Why does the classical continuous partition function blow up as $T \to 0$? At $T = 0$, we'd expect Entropy to be zero because there's only one microstate and the $\log(1) = 0$. However, when I take the limit as $T \to 0$ in the classical canonical ensemble, it goes to infinity.

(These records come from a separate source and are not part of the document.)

(* Assume in addition that $\mathbb{X}_f$ contains an open neighborhood of the origin and that $\mathbb{X}$ is compact. Then $V$ is a Lyapunov function on $\mathbb{X}$ for the closed-loop system $x^+=f(x,\kappa(x))$. That is, $\mathbb{X}$ is invariant under the closed loop, and there are class $\mathcal{K}_\infty$ functions $\alpha_1,\beta$ with $\alpha_1(|x|)\le V(x)\le\beta(|x|)$ and $V(f(x,\kappa(x)))\le V(x)-\alpha_1(|x|)$ for all $x\in\mathbb{X}$. Consequently the origin is asymptotically stable for the closed-loop system $x^+=f(x,\kappa(x))$ on $\mathbb{X}$.
   Context: Consider the discrete-time controlled system $x^+=f(x,u)$ with state $x\in\mathbb{R}^{n}$ and control $u\in\mathbb{R}^{m}$, constraint sets $\mathbb{X}\subset\mathbb{R}^n$, $\mathbb{U}\subset\mathbb{R}^m$, $\mathbb{Y}\subset\mathbb{R}^p$, and a constraint function $h(x,u)\in\mathbb{R}^p$. A control $u$ is feasible at $x\in\mathbb{X}$ if $u\in\mathbb{U}$, $f(x,u)\in\mathbb{X}$ and $h(x,u)\in\mathbb{Y}$. A control sequence $(u(0),\ldots,u(N-1))$ is feasible from $x$ if, for the state sequence defined by $x(0)=x$ and $x(k+1)=f(x(k),u(k))$, each $u(k)$ is feasible at $x(k)$. We are given a stage cost $l(x,u)$, a terminal set $\mathbb{X}_f$ and a terminal cost $V_f$ defined on $\mathbb{X}_f$. Horizon-$N$ problem at $x$: minimize $\sum_{k=0}^{N-1}l(x(k),u(k))+V_f(x(N))$ over control sequences that are feasible from $x$ and satisfy $x(N)\in\mathbb{X}_f$. Let $V_N^0(x)$ be its minimum value, which is assumed to be attained whenever the feasible set is nonempty. Let $(u^0_N(0),\ldots,u^0_N(N-1))$ be a minimizer, and set $\kappa_N(x)=u_N^0(0)$. For $N=0$, $V_0^0(x)=V_f(x)$ for $x\in\mathbb{X}_f$. Standing assumptions: (A1) $f,l,h,V_f$ are continuous on an open set containing $\mathbb{X}\times\mathbb{U}$ (for $V_f$, an open set containing $\mathbb{X}_f$). The stage cost $l$ is nonnegative definite in $(x,u)$ and positive definite in $u$. $V_f$ is positive definite on $\mathbb{X}_f$. Moreover $f(0,0)=0$, $l(0,0)=0$ and $V_f(0)=0$. (A2) $\mathbb{X}$ and $\mathbb{X}_f$ are closed, $\mathbb{X}_f\subset\mathbb{X}$, $\mathbb{U}$ is compact, and $\mathbb{X},\mathbb{X}_f,\mathbb{U}$ each contain a neighborhood of the origin. (A3) For every $x\in\mathbb{X}_f$ there is a control $u$ feasible at $x$ with $f(x,u)\in\mathbb{X}_f$ and $l(x,u)+V_f(f(x,u))\le V_f(x)$. (A4) For every $x\in\mathbb{X}$ there exist an integer $N\ge0$ and a feasible control sequence of length $N$ from $x$ whose state sequence satisfies $x(N)\in\mathbb{X}_f$. For $x\in\mathbb{X}$, $N(x)$ denotes the minimum such $N$. (A5) There is an integer $M\ge 0$ with $N(x)\le M$ for all $x\in\mathbb{X}$. (A6) There are class $\mathcal{K}_\infty$ functions $\alpha_1,\alpha_2$ with $l(x,u)\ge\alpha_1(|x|)$ for all $x\in\mathbb{X}$, $u\in\mathbb{U}$, and $V_f(x)\le\alpha_2(|x|)$ for all $x\in\mathbb{X}_f$. Define $V(x)=V^0_{N(x)}(x)$ for $x\in\mathbb{X}$. For $N(x)\ge1$ set $\kappa(x)=\kappa_{N(x)}(x)$. For $N(x)=0$ (equivalently $x\in\mathbb{X}_f$), let $\kappa(x)$ be a feasible control $u$ as in (A3). *)

From HB Require Import structures.
From mathcomp Require Import all_boot all_order all_algebra.
From mathcomp Require Import all_classical all_reals all_analysis.
Set Implicit Arguments. Unset Strict Implicit. Unset Printing Implicit Defensive.
Import Order.TTheory GRing.Theory Num.Theory numFieldNormedType.Exports.
Local Open Scope classical_set_scope.
Local Open Scope ring_scope.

For example, say we have the Hamiltonian of a simple harmonic oscillator:
$$
\mathscr{H} = \frac{p^2}{2m} + \frac{m \omega^2x^2}{2}
$$
with the partition function defined as:
\begin{equation}
   Z = \frac{1}{N! \hbar^{3N}} \int_{-\infty}^{\infty} \int_{-\infty}^{\infty}   e^{-\beta \mathscr{H}(p, x)_j} dp dx
\end{equation}
we end up getting
$$
Z = \frac{k_b T}{\hbar \omega}
$$
and we can evaluate the entropy using:
$$
S = k_b \ln{Z} + k_b T \frac{\partial \ln{Z}}{\partial T}
$$ 
The term $\ln{Z}$ is bothering me because
$$
\ln{\frac{k_b T}{\hbar \omega}}
$$
goes to -infinity as $T\to 0$, whereas I'd expect $S \to 0$ as $T \to 0$. What am I missing here?
 A: Your treatment of the system is purely classical and this prevents the possibility of obtaining a result consistent with the third principle of thermodynamics. A symptom of what is going wrong with classical statistical mechanics is that for a system of $N$ harmonic oscillators, equipartition theorem provides an average energy of $Nk_BT$. Therefore, the specific heat would be independent on temperature. However such a result is incompatible with the possibility of getting a finite value for the entropy at $T=0$:
$$
S(T) - S(0) = \int_0^T dT^{\prime} \frac{Nk_B}{T^{\prime}}
$$
diverges logarithmically at $T=0$, consistently with the direct calculation you reported.
A quantum treatment of the system solves the problem since the spacing between energy levels of the harmonic oscillator implies that below a temperature of the order of $\hbar \omega / k_B$ there is an progressive reduction of the specific heat, which goes to zero at $T=0$, thus eliminating the divergence of entropy and restoring the third principle.